CAMBRIDGE, Mass., Feb. 12 -- Methods for controlling the composition and charge of multiple materials on a single nanostructure are described in a paper in the Feb. 7 issue of Nature, "Growth of Nanowire Superlattice Structures for Nanoscale Photonics and Electronics." Charles Lieber, Nanosys Inc. cofounder and the Mark Hyman Professor of Chemistry at Harvard University and graduate students Mark Gudiksen, Lincoln Lauhon, Jianfang Wang and David Smith wrote the paper, which Nanosys described as landmark research. "The researchers take advantage of the flexible control of multiple variables to build novel devices in electronics, photonics and opto-electronics," Nanosys said. "Lieber's work is the first example of a generic method for creating heterojunctions of arbitrary materials in a single nanostructure."

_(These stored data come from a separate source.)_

(* Suppose the pair $(A,B)$ satisfies the Kalman condition (K) with integer $d_*$, and that $F$ is smooth and globally Lipschitz. Suppose there is a sequence $(y^{(n)})_{n\in\mathbb{N}}$ in $\mathbb{R}^d$ bounded away from $0$ such that $$\lim_{n\to\infty}|y^{(n)}|^{k-1}\,\|D^kF(y^{(n)})\|=0\quad\text{for each }k=1,2,\dots,d_*-1.$$ Then there exists a point $x_0\in\mathbb{R}^d$ at which the weak Hörmander condition (H) holds.
   Context: $A:\mathbb{R}^d\to\mathbb{R}^d$, $B:\mathbb{R}^n\to\mathbb{R}^d$ linear, $n\le d$, $F:\mathbb{R}^d\to\mathbb{R}^d$; $D^kF(y)$ is the $k$th Fréchet derivative at $y$ (a $k$-linear map) with its operator norm. $e_1,\dots,e_n$ is the standard basis of $\mathbb{R}^n$. (K) the columns of $B, AB, A^2B,\dots$ span $\mathbb{R}^d$; $d_*$ denotes the smallest positive integer such that $\operatorname{span}\{A^jBe_i: 0\le j\le d_*-1,\ 1\le i\le n\}=\mathbb{R}^d$. (H) at $x_0$: the vector fields $V_0$, $\mathcal{L}_{V_2}V_1$, $\mathcal{L}_{V_3}\mathcal{L}_{V_2}V_1,\dots$ with $V_0\in\mathcal{B}$ and $V_1,V_2,\dots\in\mathcal{B}\cup\{A+F\}$ span $\mathbb{R}^d$ at $x_0$, where $\mathcal{B}=\{Be_1,\dots,Be_n\}$ (constant vector fields), $A+F$ is the vector field $x\mapsto Ax+F(x)$, and $\mathcal{L}_GH=DH[G]-DG[H]$. *)

From Stdlib Require Import Reals List ClassicalEpsilon.
From mathcomp Require Import ssreflect ssrfun ssrbool eqtype ssrnat fintype bigop.

Set Implicit Arguments.
Unset Strict Implicit.

Local Open Scope R_scope.

Definition vec (d : nat) := 'I_d -> R.

Definition vzero {d} : vec d := fun _ => 0.
Definition vadd {d} (u v : vec d) : vec d := fun i => u i + v i.
Definition vsub {d} (u v : vec d) : vec d := fun i => u i - v i.
Definition vscale {d} (a : R) (u : vec d) : vec d := fun i => a * u i.

Definition vnorm {d} (v : vec d) : R :=
  sqrt (\big[Rplus/0]_(i < d) (v i * v i)).

Definition e_basis {n} (i : 'I_n) : vec n := fun j => if i == j then 1 else 0.

Definition is_linear {m d} (L : vec m -> vec d) : Prop :=
  (forall u v, L (vadd u v) = vadd (L u) (L v)) /\
  (forall a u, L (vscale a u) = vscale a (L u)).

Definition lin_comb {d} (l : list (R * vec d)) : vec d :=
  fold_right (fun p acc => vadd (vscale (fst p) (snd p)) acc) vzero l.

Definition spans_Rd {d} (P : vec d -> Prop) : Prop :=
  forall v : vec d, exists l : list (R * vec d),
    Forall (fun p => P (snd p)) l /\ v = lin_comb l.

Definition is_frechet {d} (f : vec d -> vec d) (y : vec d) (L : vec d -> vec d) : Prop :=
  is_linear L /\
  forall eps, 0 < eps -> exists delta, 0 < delta /\
    forall h : vec d, vnorm h < delta ->
      vnorm (vsub (vsub (f (vadd y h)) (f y)) (L h)) <= eps * vnorm h.

Definition frechet_differentiable {d} (f : vec d -> vec d) (y : vec d) : Prop :=
  exists L, is_frechet f y L.

Definition Dfr {d} (f : vec d -> vec d) (y : vec d) : vec d -> vec d :=
  epsilon (inhabits (fun _ => vzero)) (fun L => is_frechet f y L).

(* k-th derivative D^k F(y), as a k-linear map evaluated on (hs 0, ..., hs (k-1)):
   D^0 F(y) = F(y),
   D^{k+1} F(y)[h_0, h_1, ..., h_k] = D( z |-> D^k F(z)[h_1, ..., h_k] )(y)[h_0]. *)
Fixpoint Dk {d} (k : nat) (F : vec d -> vec d) (y : vec d) (hs : nat -> vec d) : vec d :=
  match k with
  | O => F y
  | S k' => Dfr (fun z => Dk k' F z (fun i => hs (S i))) y (hs O)
  end.

Definition smooth {d} (F : vec d -> vec d) : Prop :=
  forall (k : nat) (hs : nat -> vec d) (y : vec d),
    frechet_differentiable (fun z => Dk k F z hs) y.

Definition Dk_values {d} (k : nat) (F : vec d -> vec d) (y : vec d) : R -> Prop :=
  fun r => exists hs : nat -> vec d,
    (forall i, (i < k)%nat -> vnorm (hs i) <= 1) /\ r = vnorm (Dk k F y hs).

Definition Dk_opnorm {d} (k : nat) (F : vec d -> vec d) (y : vec d) : R :=
  epsilon (inhabits 0) (fun r => is_lub (Dk_values k F y) r).

Definition globally_lipschitz {d} (F : vec d -> vec d) : Prop :=
  exists K : R, forall x y, vnorm (vsub (F x) (F y)) <= K * vnorm (vsub x y).

Definition AjBe {n d} (A : vec d -> vec d) (B : vec n -> vec d) (j : nat) (i : 'I_n) : vec d :=
  Nat.iter j A (B (e_basis i)).

Definition kalman {n d} (A : vec d -> vec d) (B : vec n -> vec d) : Prop :=
  spans_Rd (fun v => exists (j : nat) (i : 'I_n), v = AjBe A B j i).

Definition kalman_span_upto {n d} (A : vec d -> vec d) (B : vec n -> vec d) (m : nat) : Prop :=
  spans_Rd (fun v => exists (j : nat) (i : 'I_n), (j <= m - 1)%nat /\ v = AjBe A B j i).

Definition kalman_index {n d} (A : vec d -> vec d) (B : vec n -> vec d) (ds : nat) : Prop :=
  (0 < ds)%nat /\ kalman_span_upto A B ds /\
  forall m, (0 < m)%nat -> (m < ds)%nat -> ~ kalman_span_upto A B m.

Definition lie {d} (G H : vec d -> vec d) : vec d -> vec d :=
  fun x => vsub (Dfr H x (G x)) (Dfr G x (H x)).

Definition in_Bfields {n d} (B : vec n -> vec d) (V : vec d -> vec d) : Prop :=
  exists i : 'I_n, V = (fun _ => B (e_basis i)).

Definition in_BAF {n d} (A : vec d -> vec d) (B : vec n -> vec d) (F : vec d -> vec d)
  (V : vec d -> vec d) : Prop :=
  in_Bfields B V \/ V = (fun x => vadd (A x) (F x)).

Inductive bracket {n d} (A : vec d -> vec d) (B : vec n -> vec d) (F : vec d -> vec d)
  : (vec d -> vec d) -> Prop :=
  | br_base V1 V2 : in_BAF A B F V1 -> in_BAF A B F V2 -> bracket A B F (lie V2 V1)
  | br_step W V : bracket A B F W -> in_BAF A B F V -> bracket A B F (lie V W).

Definition hormander {n d} (A : vec d -> vec d) (B : vec n -> vec d) (F : vec d -> vec d)
  (x0 : vec d) : Prop :=
  spans_Rd (fun v => exists V, (in_Bfields B V \/ bracket A B F V) /\ v = V x0).

(* Let W_0 = B e_i and W_(j+1) = L_(A+F) W_j. Formally, W_j(x) is (-1)^j A^j B e_i
   plus a combination of terms D^kF(x)[T_1, ..., T_k], k <= j, whose arguments are
   again such expressions. Since A+F grows at most linearly (F is Lipschitz) and |x|
   is bounded below along the sequence, each such term is O(|x|^(k-1) |D^kF(x)|), so
   W_j(y^(n)) -> (-1)^j A^j B e_i for j < d_*. By (K) these limits span R^d, and
   spanning is an open condition (a determinant is continuous), so the W_j(y^(n))
   span R^d for some n. *)

From Stdlib Require Import Reals Lra Lia Psatz ClassicalEpsilon FunctionalExtensionality List.
From HB Require Import structures.
From mathcomp Require Import ssreflect ssrfun ssrbool eqtype ssrnat seq fintype bigop.
From mathcomp Require Import ssralg matrix Rstruct zify.
Set Implicit Arguments.
Unset Strict Implicit.
Local Open Scope R_scope.

HB.instance Definition _ := Monoid.isComLaw.Build R 0 Rplus
  (fun x y z => esym (Rplus_assoc x y z)) Rplus_comm Rplus_0_l.

Ltac vext := apply: functional_extensionality => ?; rewrite /vsub /vadd /vscale /vzero /=; ring.

Section VectorSpace.
Variable d : nat.
Implicit Types u v w : vec d.

Lemma vaddA : associative (@vadd d). Proof. by move=> u v w; vext. Qed.
Lemma vaddC : commutative (@vadd d). Proof. by move=> u v; vext. Qed.
Lemma vadd0 : left_id (@vzero d) (@vadd d). Proof. by move=> u; vext. Qed.

End VectorSpace.

HB.instance Definition _ d := Monoid.isComLaw.Build (vec d) vzero (@vadd d)
  (@vaddA d) (@vaddC d) (@vadd0 d).

Lemma sumR_le (I : Type) (r : seq I) (P : pred I) (f g : I -> R) :
  (forall i, P i -> f i <= g i) ->
  \big[Rplus/0]_(i <- r | P i) f i <= \big[Rplus/0]_(i <- r | P i) g i.
Proof. by move=> fg; apply: (big_ind2 (fun a b => a <= b)) => //; [lra | move=> *; lra]. Qed.

Lemma sumR_ge0 (I : Type) (r : seq I) (P : pred I) (f : I -> R) :
  (forall i, P i -> 0 <= f i) -> 0 <= \big[Rplus/0]_(i <- r | P i) f i.
Proof. by move=> f0; apply: (big_ind (fun a => 0 <= a)) => //; [lra | move=> *; lra]. Qed.

Lemma prodR_ge0 (I : Type) (r : seq I) (f : I -> R) :
  (forall i, 0 <= f i) -> 0 <= \big[Rmult/1]_(i <- r) f i.
Proof. by move=> f0; apply: (big_ind (fun a => 0 <= a)) => //; [lra | move=> *; nra]. Qed.

Lemma sumR_scal (I : Type) (r : seq I) (a : R) (f : I -> R) :
  \big[Rplus/0]_(i <- r) (a * f i) = a * \big[Rplus/0]_(i <- r) f i.
Proof. by elim: r => [|x r IH]; rewrite ?big_nil ?big_cons ?IH; ring. Qed.

Lemma sumR_const_ord (n : nat) (c : R) : \big[Rplus/0]_(i < n) c = INR n * c.
Proof. by rewrite big_const_ord; elim: n => [|n IH]; rewrite ?iterS ?IH ?S_INR /=; ring. Qed.

Lemma Rabs_eq0 x : Rabs x = 0 -> x = 0.
Proof. by move=> H; case: (Req_dec x 0) => // /Rabs_pos_lt; lra. Qed.

Section Norms.
Variable d : nat.
Implicit Types u v w : vec d.

(* All estimates use the l^1 norm, whose triangle inequality is immediate. *)
Definition norm1 v : R := \big[Rplus/0]_(i < d) Rabs (v i).

Lemma norm1_ge0 v : 0 <= norm1 v.
Proof. by apply: sumR_ge0 => i _; apply: Rabs_pos. Qed.

Lemma coord_le_norm1 v i : Rabs (v i) <= norm1 v.
Proof.
rewrite /norm1 (bigD1 i) //= -{1}[Rabs (v i)]Rplus_0_r.
by apply: Rplus_le_compat_l; apply: sumR_ge0 => j _; apply: Rabs_pos.
Qed.

Lemma norm1_add u v : norm1 (vadd u v) <= norm1 u + norm1 v.
Proof. by rewrite /norm1 -big_split; apply: sumR_le => i _; apply: Rabs_triang. Qed.

Lemma norm1_scale a v : norm1 (vscale a v) = Rabs a * norm1 v.
Proof. by rewrite /norm1 -sumR_scal; apply: eq_bigr => i _; rewrite /vscale Rabs_mult. Qed.

Lemma norm1_sub u v : norm1 (vsub u v) <= norm1 u + norm1 v.
Proof.
have -> : vsub u v = vadd u (vscale (-1) v) by vext.
by apply: Rle_trans (norm1_add _ _) _; rewrite norm1_scale Rabs_Ropp Rabs_R1; lra.
Qed.

Lemma norm1_zero : norm1 (@vzero d) = 0.
Proof. by rewrite /norm1 big1 // => i _; rewrite /vzero Rabs_R0. Qed.

Lemma norm1_eq0 v : norm1 v = 0 -> v = vzero.
Proof.
move=> v0; apply: functional_extensionality => i; apply: Rabs_eq0.
by have := coord_le_norm1 v i; have := Rabs_pos (v i); rewrite v0; lra.
Qed.

Lemma coord_le_vnorm v i : Rabs (v i) <= vnorm v.
Proof.
rewrite /vnorm -sqrt_Rsqr_abs; apply: sqrt_le_1_alt.
rewrite (bigD1 i) //= /Rsqr -{1}[v i * v i]Rplus_0_r.
by apply: Rplus_le_compat_l; apply: sumR_ge0 => j _; nra.
Qed.

Lemma vnorm_ge0 v : 0 <= vnorm v.
Proof. exact: sqrt_pos. Qed.

Lemma vnorm_le_norm1 v : vnorm v <= norm1 v.
Proof.
rewrite /vnorm -(sqrt_pow2 (norm1 v)); last exact: norm1_ge0.
apply: sqrt_le_1_alt.
set S1 := \big[Rplus/0]_(i < d) Rabs (v i).
suff [] : \big[Rplus/0]_(i < d) (v i * v i) <= S1 ^ 2 /\ 0 <= S1 by [].
apply: (big_rec2 (fun s q => s <= q ^ 2 /\ 0 <= q)) => [|i s q _ [sq q0]]; first by split; lra.
have := Rabs_pos (v i).
have : Rabs (v i) * Rabs (v i) = v i * v i by rewrite -Rabs_mult Rabs_right //; nra.
by split; nra.
Qed.

Lemma norm1_le_vnorm v : norm1 v <= INR d * vnorm v.
Proof. by rewrite /norm1 -sumR_const_ord; apply: sumR_le => i _; apply: coord_le_vnorm. Qed.

Lemma vnorm_scale a v : vnorm (vscale a v) = Rabs a * vnorm v.
Proof.
rewrite /vnorm (_ : \big[Rplus/0]_(i < d) _ = (a * a) * \big[Rplus/0]_(i < d) (v i * v i)).
  rewrite sqrt_mult ?sqrt_Rsqr_abs //; first nra.
  by apply: sumR_ge0 => i _; nra.
by rewrite -sumR_scal; apply: eq_bigr => i _; rewrite /vscale; ring.
Qed.

Lemma vnorm_eq0 v : vnorm v = 0 -> v = vzero.
Proof.
move=> v0; apply: functional_extensionality => i; apply: Rabs_eq0.
by have := coord_le_vnorm v i; have := Rabs_pos (v i); rewrite v0; lra.
Qed.

Lemma vnorm_zero : vnorm (@vzero d) = 0.
Proof. by have := vnorm_le_norm1 vzero; have := vnorm_ge0 vzero; rewrite norm1_zero; lra. Qed.

Lemma vsum_coord (I : Type) (r : seq I) (f : I -> vec d) j :
  (\big[vadd/vzero]_(i <- r) f i) j = \big[Rplus/0]_(i <- r) f i j.
Proof. by elim: r => [|x r IH]; rewrite ?big_nil ?big_cons //= /vadd IH. Qed.

Lemma vec_basis_expand v : v = \big[vadd/vzero]_(i < d) vscale (v i) (e_basis i).
Proof.
apply: functional_extensionality => j; rewrite vsum_coord (bigD1 j) //= big1.
  by rewrite /vscale /e_basis eqxx; ring.
by move=> i ij; rewrite /vscale /e_basis (negbTE ij); ring.
Qed.

Lemma norm1_vsum (I : Type) (r : seq I) (f : I -> vec d) :
  norm1 (\big[vadd/vzero]_(i <- r) f i) <= \big[Rplus/0]_(i <- r) norm1 (f i).
Proof.
elim: r => [|x r IH]; rewrite ?big_nil ?big_cons ?norm1_zero; first lra.
by apply: Rle_trans (norm1_add _ _) _; lra.
Qed.

End Norms.

Arguments norm1 {d} v.

Section LinearMaps.
Variable d : nat.
Implicit Types (u v h : vec d) (L : vec d -> vec d).

Lemma linear0 L : is_linear L -> L vzero = vzero.
Proof. by case=> _ LZ; rewrite (_ : vzero = vscale 0 vzero); [rewrite LZ|]; vext. Qed.

Lemma linearB L u v : is_linear L -> L (vsub u v) = vsub (L u) (L v).
Proof.
case=> LD LZ; rewrite (_ : vsub u v = vadd u (vscale (-1) v)); last by vext.
by rewrite LD LZ; vext.
Qed.

Lemma linear_vsum L (I : Type) (r : seq I) (f : I -> vec d) : is_linear L ->
  L (\big[vadd/vzero]_(i <- r) f i) = \big[vadd/vzero]_(i <- r) L (f i).
Proof.
move=> Llin; elim: r => [|a r IH]; rewrite ?big_nil ?big_cons; first exact: linear0.
by case: Llin => -> _; rewrite IH.
Qed.

Lemma linear_basis_expand L v : is_linear L ->
  L v = \big[vadd/vzero]_(i < d) vscale (v i) (L (e_basis i)).
Proof.
move=> Llin; rewrite {1}(vec_basis_expand v) linear_vsum //.
by apply: eq_bigr => i _; case: Llin => _ ->.
Qed.

Definition lin_bound L : R := \big[Rplus/0]_(i < d) norm1 (L (e_basis i)).

Lemma lin_bound_ge0 L : 0 <= lin_bound L.
Proof. by apply: sumR_ge0 => i _; apply: norm1_ge0. Qed.

Lemma norm1_linear_le L h : is_linear L -> norm1 (L h) <= lin_bound L * norm1 h.
Proof.
move=> Llin; rewrite (linear_basis_expand h Llin); apply: Rle_trans (norm1_vsum _ _) _.
rewrite /lin_bound Rmult_comm -sumR_scal; apply: sumR_le => i _.
rewrite norm1_scale; apply: Rmult_le_compat_r; [exact: norm1_ge0 | exact: coord_le_norm1].
Qed.

Lemma linear_add L1 L2 : is_linear L1 -> is_linear L2 -> is_linear (fun h => vadd (L1 h) (L2 h)).
Proof. by move=> [D1 Z1] [D2 Z2]; split=> *; rewrite ?D1 ?D2 ?Z1 ?Z2; vext. Qed.

Lemma linear_scale a L : is_linear L -> is_linear (fun h => vscale a (L h)).
Proof. by move=> [D1 Z1]; split=> *; rewrite ?D1 ?Z1; vext. Qed.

Lieber's technique also allows the modulation of doping levels along the length of a single nanowire. This ability to control charge and composition on the nanoscale enabled the Lieber group to make a variety of unique prototype devices, such as GaAs emitters embedded in GaP wires, novel n-Si/p-Si nanowire diodes for high-density nanoscale logic and nanometer-size LEDs derived from alternating segments of n-InP/p-InP on a single nanowire.
"This robust synthetic method allows for the creation of superlattice heterostructures of materials that cannot be interfaced in macroscopic structures. This could open the door to the discovery of new materials and devices for a semiconductor industry that faces the impending limit to Moore's law," according to Nanosys.
Nanosys is a new company focused on developing nanotechnology-enabled systems that incorporate novel and patent-protected zero and one-dimensional nanometer-scale materials such as nanowires, nanotubes and nanodots (quantum dots) as their principal active elements.